Канцлер вздохнул и помрачнел еще больше, если такое вообще было возможно.
– Какое несчастье! Какое несчастье! – покачал он головой. – Неужели подозревается злой умысел?
– Иначе меня здесь не было бы, – развел я руками. – Придется либо подтвердить факт постороннего вмешательства, либо опровергнуть его.
Опасаясь слухов, епископ Вим не сообщил об истинном состоянии племянника даже руководству университета. Все полагали, что дело в банальном для школяров с факультета тайных искусств истощении эфирного тела.
Канцлер нахмурился, но уточнить, что имелось в виду под «посторонним вмешательством», не успел.
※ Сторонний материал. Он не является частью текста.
(* Let $Z$ be a pseudo-triangulation and $S=\{(e_1,f_1),\dots,(e_k,f_k)\}$ a finite set of pairs of darts of $Z$. Then there exist a pseudo-triangulation $Z^*$ and a homomorphism $\phi^*:Z\to Z^*$ such that: $\phi^*$ respects $S$; $Z^*$ is a minimal image of $Z$ under $\phi^*$; and for every homomorphism $\phi'$ from $Z$ to a pseudo-triangulation $Z'$ that respects $S$ there is a homomorphism $\psi:Z^*\to Z'$ with $\psi\circ\phi^*=\phi'$. The pair $(Z^*,\phi^* )$ is unique up to isomorphism: if $(Z_1^*,\phi_1^* )$ and $(Z_2^*,\phi_2^* )$ both have these properties, there is an isomorphism $\chi:Z_1^*\to Z_2^*$ with $\chi\circ\phi_1^*=\phi_2^*$.
   Context: A dart representation consists of a finite set $V$ of vertices, a finite set $D$ of darts, and maps $\mathrm{head}:D\to V$, $\mathrm{rev}:D\to D$, $\mathrm{succ},\mathrm{pred}:D\to D\cup\{\mathrm{nil}\}$; a dart may be its own reverse. Write $\mathrm{tail}(e)=\mathrm{head}(\mathrm{rev}(e))$. Requirements: (M1) every vertex is the head of some dart; (M2) $\mathrm{rev}(\mathrm{rev}(e))=e$; (M3) for darts $e,f$, $e=\mathrm{pred}(f)$ iff $f=\mathrm{succ}(e)$; (M4) if $\mathrm{succ}(e)=f\ne\mathrm{nil}$ then $\mathrm{head}(e)=\mathrm{head}(f)$; (M5) if $\mathrm{succ}(e)\ne\mathrm{nil}$, then $f=\mathrm{rev}(\mathrm{succ}(e))$, $g=\mathrm{rev}(\mathrm{succ}(f))$ are defined (non-nil) and $e=\mathrm{rev}(\mathrm{succ}(g))$. A dart $e$ is a boundary dart if $\mathrm{succ}(e)$ or $\mathrm{pred}(e)$ is nil; its head is then a boundary vertex; other vertices are inner. The succ/pred pointers partition $D$ into doubly linked lists, cyclic or acyclic. (M6) For each vertex $v$ there is exactly one such list consisting of the darts with head $v$ (its incidence list; its length is the degree $d(v)$); it is cyclic if $v$ is inner and acyclic (nil at both ends) if $v$ is boundary. A pseudo-triangulation is a dart representation satisfying (M1)–(M6). A homomorphism $\phi:Z\to Z'$ of dart representations maps vertices to vertices and darts to darts so that $\mathrm{head}(\phi(e))=\phi(\mathrm{head}(e))$, $\mathrm{rev}(\phi(e))=\phi(\mathrm{rev}(e))$, and $\mathrm{succ}(\phi(e))=\phi(\mathrm{succ}(e))$ whenever $\mathrm{succ}(e)\ne\mathrm{nil}$, and likewise for pred. $\phi$ respects $S$ if $\phi(e_i)=\phi(f_i)$ for all $i$. $Z'$ is a minimal image of $Z$ under $\phi$ if every vertex and dart of $Z'$ is an image under $\phi$, and for every dart $e'$ of $Z'$, $\mathrm{succ}(e')\ne\mathrm{nil}$ iff some dart $e$ with $\phi(e)=e'$ has $\mathrm{succ}(e)\ne\mathrm{nil}$, and the same for pred. An isomorphism is a bijective homomorphism whose inverse is a homomorphism. *)

From mathcomp Require Import all_boot.
Set Implicit Arguments. Unset Strict Implicit. Unset Printing Implicit Defensive.

(* A dart representation: finite vertex set, finite dart set, and maps
   head, rev, succ, pred; nil is represented by None. *)
Record dartrep := DartRep {
  vert : finType;
  dart : finType;
  head : dart -> vert;
  rev  : dart -> dart;
  succ : dart -> option dart;
  pred : dart -> option dart }.

Definition tail (Z : dartrep) (e : dart Z) : vert Z := head (rev e).

Definition boundary_dart (Z : dartrep) (e : dart Z) : Prop :=
  succ e = None \/ pred e = None.

Definition boundary_vertex (Z : dartrep) (v : vert Z) : Prop :=
  exists e : dart Z, head e = v /\ boundary_dart e.

Definition inner_vertex (Z : dartrep) (v : vert Z) : Prop := ~ boundary_vertex v.

Definition succ_rel (Z : dartrep) : rel (dart Z) := fun e f => succ e == Some f.

Definition same_list (Z : dartrep) (e f : dart Z) : bool :=
  connect (@succ_rel Z) e f || connect (@succ_rel Z) f e.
Дверь без стука распахнулась, и к нам присоединился высокий и плечистый лектор, чья мантия была скроена столь искусно, что не просто скрадывала очертания уже наметившегося животика, но и превращала сорокалетнего господина в подтянутого атлета. В темной шевелюре не виднелось ни одного седого волоса, щеки были гладко выбриты, на левом виске, добавляя загадочности, белела тонкая нить шрама. Лектора не портил даже излишне мясистый нос. Уверен, дамы от него без ума…
Лицо канцлера разгладилось, и он с облегчением выдохнул:
– Клос! – Тут же закашлялся и согнулся, но быстро выпрямился и объявил: – Мэтр Келер – декан факультета тайных искусств. Магистр вон Черен…
– Просто Филипп, – воспользовался я заминкой. – Ваш новый лектор.
– Очень приятно, – улыбнулся декан и протянул руку, а затем негромко добавил: – Я в курсе предыстории вашего назначения, магистр.
Голос у него оказался мягким и бархатистым, рукопожатие – уверенным, но без лишней резкости. Умелый политик? Не удивлюсь, если метит в кресло канцлера.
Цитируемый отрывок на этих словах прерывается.